## Records for this exercise
(* There is an absolute constant $C>0$ such that for all $n,m\ge3$ and $p\in(0,1)$, $$n^2\|\bar g_2\ast_2^0\bar g_2\|_2^2\le C\big(\operatorname{Var}[N_E]\big)^2\frac{1}{n^2\hat p(1-\hat p)},\qquad n^3\|\bar g_2\ast_2^1\bar g_2\|_2^2\le C\big(\operatorname{Var}[N_E]\big)^2\Big(\frac{1}{n^2\hat p(1-\hat p)}+\frac1n\Big),$$ where $N_E$ is the number of edges of $\mathcal G(n,m,p)$.
   Context: Random intersection graph $\mathcal G(n,m,p)$: vertices $v_1,\ldots,v_n$, attributes $a_1,\ldots,a_m$; each vertex chooses each attribute independently with probability $p$; two vertices are adjacent iff they chose a common attribute; $\hat p=1-(1-p^2)^m$. $\mu_{m,p}(x)=p^{|x|}(1-p)^{m-|x|}$ on $\{0,1\}^m$; $g(x,y)=1$ if $x_i=y_i=1$ for some $i$, else $0$; $\bar g_2=g-\hat p$. Norms are $L^2$ with respect to products of $\mu_{m,p}$. Contraction: for $f,h$ on $(\{0,1\}^m)^2$ and $0\le a\le 2$, $f\ast_2^ah(x_1,\ldots,x_{2-a})=\int_{(\{0,1\}^m)^a}f(w,x)h(w,x)\,d\mu_{m,p}^{\otimes a}(w)$ (so $\|\bar g_2\ast_2^0\bar g_2\|_2^2=\int\bar g_2^4$ and $\|\bar g_2\ast_2^1\bar g_2\|_2^2=\int(\int\bar g_2(x,y)^2d\mu_{m,p}(x))^2d\mu_{m,p}(y)$). *)

From mathcomp Require Import all_boot all_order all_algebra.
From mathcomp Require Import reals.
Set Implicit Arguments. Unset Strict Implicit. Unset Printing Implicit Defensive.
Import Order.TTheory GRing.Theory Num.Theory.
Local Open Scope ring_scope.

Definition attr (m : nat) := {ffun 'I_m -> bool}.

Section RIG.
Variable R : realType.

Definition wt m (x : attr m) : nat := #|[set i | x i]|.

Definition mu m (p : R) (x : attr m) : R :=
  p ^+ wt x * (1 - p) ^+ (m - wt x).

Definition g m (x y : attr m) : R :=
  if [exists i, x i && y i] then 1 else 0.

Definition phat (m : nat) (p : R) : R := 1 - (1 - p ^+ 2) ^+ m.

Definition gbar2 m (p : R) (x y : attr m) : R := g x y - phat m p.

(* || gbar2 *_2^0 gbar2 ||_2^2 = \int gbar2^4 d(mu x mu) *)
Definition contr0_sq m (p : R) : R :=
  \sum_(x : attr m) \sum_(y : attr m) mu p x * mu p y * gbar2 p x y ^+ 4.

(* || gbar2 *_2^1 gbar2 ||_2^2 = \int (\int gbar2(x,y)^2 dmu(x))^2 dmu(y) *)
Definition contr1_sq m (p : R) : R :=
  \sum_(y : attr m) mu p y * (\sum_(x : attr m) mu p x * gbar2 p x y ^+ 2) ^+ 2.

(* Vertex configurations of G(n,m,p): vertex v_i chooses attribute set X i;
   these are independent with law mu_{m,p}, so the configuration has the
   product weight below. *)
Definition config_weight n m (p : R) (X : {ffun 'I_n -> attr m}) : R :=
  \prod_(i < n) mu p (X i).

Definition NE n m (X : {ffun 'I_n -> attr m}) : R :=
  \sum_(i < n) \sum_(j < n | (i < j)%N) g (X i) (X j).

Definition expect (n m : nat) (p : R) (F : {ffun 'I_n -> attr m} -> R) : R :=
  \sum_(X : {ffun 'I_n -> attr m}) config_weight p X * F X.

Definition Var_NE (n m : nat) (p : R) : R :=
  @expect n m p (fun X => NE X ^+ 2) - (@expect n m p (fun X => NE X)) ^+ 2.

End RIG.

(* N_E is a sum of edge indicators g(X_i, X_j) of i.i.d. attribute sets X_i.
   Let r(a) (adj_prob) be the probability that a vertex with attribute set a is
   adjacent to an independent vertex, D = phat (1 - phat) and v = Var[r(X)]
   (adj_var).  Two edge indicators have covariance D if they coincide, v if they
   share exactly one vertex and 0 if they are disjoint, hence
   Var[N_E] >= n(n-1)D/2 + n(n-1)(n-2)v/3, and for n >= 3 both
   n^2 D <= 3 Var[N_E] and 2 n^3 v <= 27 Var[N_E].
   On the other side |gbar_2| <= 1 gives ||gbar_2 *_2^0 gbar_2||^2 <= E[gbar_2^2] = D,
   and the inner integral of gbar_2(., y)^2 is D + (1 - 2 phat)(r(y) - phat), so
   ||gbar_2 *_2^1 gbar_2||^2 <= 2 D^2 + 2 v.  Both bounds follow with C = 81. *)

From mathcomp Require Import all_boot all_order all_algebra.
From mathcomp Require Import reals.
From mathcomp Require Import ring lra zify.
Set Implicit Arguments. Unset Strict Implicit. Unset Printing Implicit Defensive.
Import Order.TTheory GRing.Theory Num.Theory.
Local Open Scope ring_scope.

Section AttributeLaw.
Variables (R : realType) (p : R).

Definition bern (b : bool) : R := if b then p else 1 - p.

Lemma muE m (x : attr m) : mu p x = \prod_t bern (x t).
Proof.
rewrite /mu (bigID (fun t => x t)) /=.
rewrite (eq_bigr (fun _ => p)) => [|t ->] //.
rewrite [X in _ = _ * X](eq_bigr (fun _ => 1 - p)) => [|t /negbTE ->] //.
rewrite !prodr_const /wt cardsE; congr (_ * _ ^+ _).
by rewrite -[m in (m - _)%N]card_ord -(cardC [pred t | x t]) addKn.
Qed.

Lemma sum_attr_prod m (F : 'I_m -> bool -> R) :
  \sum_(x : attr m) \prod_t F t (x t) = \prod_t (F t true + F t false).
Proof. by rewrite -bigA_distr_bigA; apply: eq_bigr => t _; rewrite big_bool. Qed.

Lemma sum_mu m : \sum_(x : attr m) mu p x = 1.
Proof.
under eq_bigr do rewrite muE.
by rewrite (sum_attr_prod (fun _ => bern)) big1 // => t _; rewrite /bern addrC subrK.
Qed.

Lemma mu_ge0 m (x : attr m) : 0 <= p -> p <= 1 -> 0 <= mu p x.
Proof. by move=> p0 p1; rewrite /mu mulr_ge0 // exprn_ge0 // subr_ge0. Qed.

Lemma g_prodE m (a b : attr m) : g R a b = 1 - \prod_t (1 - (a t && b t)%:R).
Proof.
rewrite /g; case: existsP => [[t abt]|noab].
  by rewrite (bigD1 t) //= abt subrr mul0r subr0.
rewrite big1 ?subrr // => t _.
by case: (boolP (a t && b t)) => [abt|]; [case: noab; exists t | rewrite subr0].
Qed.

Lemma gC m (a b : attr m) : g R a b = g R b a.
Proof. by rewrite /g; congr (if _ then _ else _); apply: eq_existsb => t; rewrite andbC. Qed.

Lemma g_idem m (a b : attr m) : g R a b ^+ 2 = g R a b.
Proof. by rewrite /g; case: ifP; rewrite ?expr1n ?expr0n. Qed.

Definition adj_prob m (a : attr m) : R := \sum_b mu p b * g R a b.

Lemma adj_probE m (a : attr m) : adj_prob a = 1 - \prod_t (1 - p * (a t)%:R).
Proof.
have nonadj : \sum_b mu p b * (1 - g R a b) = \prod_t (1 - p * (a t)%:R).
  transitivity (\sum_(b : attr m) \prod_t (bern (b t) * (1 - (a t && b t)%:R))).
    by apply: eq_bigr => b _; rewrite g_prodE opprB addrC subrK muE -big_split.
  rewrite (sum_attr_prod (fun t b => bern b * (1 - (a t && b)%:R))).
  by apply: eq_bigr => t _; rewrite /bern andbT andbF; case: (a t) => /=; ring.
rewrite -nonadj /adj_prob.
under [X in _ = 1 - X]eq_bigr do rewrite mulrBr mulr1.
by rewrite sumrB sum_mu opprB addrC subrK.
Qed.

Lemma phatE m : phat m p = \sum_(a : attr m) mu p a * adj_prob a.
Proof.
have nonadj : \sum_(a : attr m) mu p a * \prod_t (1 - p * (a t)%:R) = (1 - p ^+ 2) ^+ m.
  transitivity (\sum_(a : attr m) \prod_t (bern (a t) * (1 - p * (a t)%:R))).
    by apply: eq_bigr => a _; rewrite muE -big_split.
  rewrite (sum_attr_prod (fun t b => bern b * (1 - p * b%:R))).
  by rewrite -[m in RHS]card_ord -prodr_const; apply: eq_bigr => t _; rewrite /bern /=; ring.
rewrite /phat -nonadj.
under [RHS]eq_bigr do rewrite adj_probE mulrBr mulr1.
by rewrite sumrB sum_mu.
Qed.

Lemma phat_ge0 m : 0 <= p -> p <= 1 -> 0 <= phat m p.
Proof.
by move=> p0 p1; rewrite /phat subr_ge0 exprn_ile1 ?subr_ge0 ?exprn_ile1 // gerBl sqr_ge0.
Qed.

## Task goal
Everything in the material above from the line that has "Definition config_weight n" through the line that has "From mathcomp Require Import ring lra zify." must be duplicated exactly, with no other lines given.

## Reply to the exercise
Definition config_weight n m (p : R) (X : {ffun 'I_n -> attr m}) : R :=
  \prod_(i < n) mu p (X i).

Definition NE n m (X : {ffun 'I_n -> attr m}) : R :=
  \sum_(i < n) \sum_(j < n | (i < j)%N) g (X i) (X j).

Definition expect (n m : nat) (p : R) (F : {ffun 'I_n -> attr m} -> R) : R :=
  \sum_(X : {ffun 'I_n -> attr m}) config_weight p X * F X.

Definition Var_NE (n m : nat) (p : R) : R :=
  @expect n m p (fun X => NE X ^+ 2) - (@expect n m p (fun X => NE X)) ^+ 2.

End RIG.

(* N_E is a sum of edge indicators g(X_i, X_j) of i.i.d. attribute sets X_i.
   Let r(a) (adj_prob) be the probability that a vertex with attribute set a is
   adjacent to an independent vertex, D = phat (1 - phat) and v = Var[r(X)]
   (adj_var).  Two edge indicators have covariance D if they coincide, v if they
   share exactly one vertex and 0 if they are disjoint, hence
   Var[N_E] >= n(n-1)D/2 + n(n-1)(n-2)v/3, and for n >= 3 both
   n^2 D <= 3 Var[N_E] and 2 n^3 v <= 27 Var[N_E].
   On the other side |gbar_2| <= 1 gives ||gbar_2 *_2^0 gbar_2||^2 <= E[gbar_2^2] = D,
   and the inner integral of gbar_2(., y)^2 is D + (1 - 2 phat)(r(y) - phat), so
   ||gbar_2 *_2^1 gbar_2||^2 <= 2 D^2 + 2 v.  Both bounds follow with C = 81. *)

From mathcomp Require Import all_boot all_order all_algebra.
From mathcomp Require Import reals.
From mathcomp Require Import ring lra zify.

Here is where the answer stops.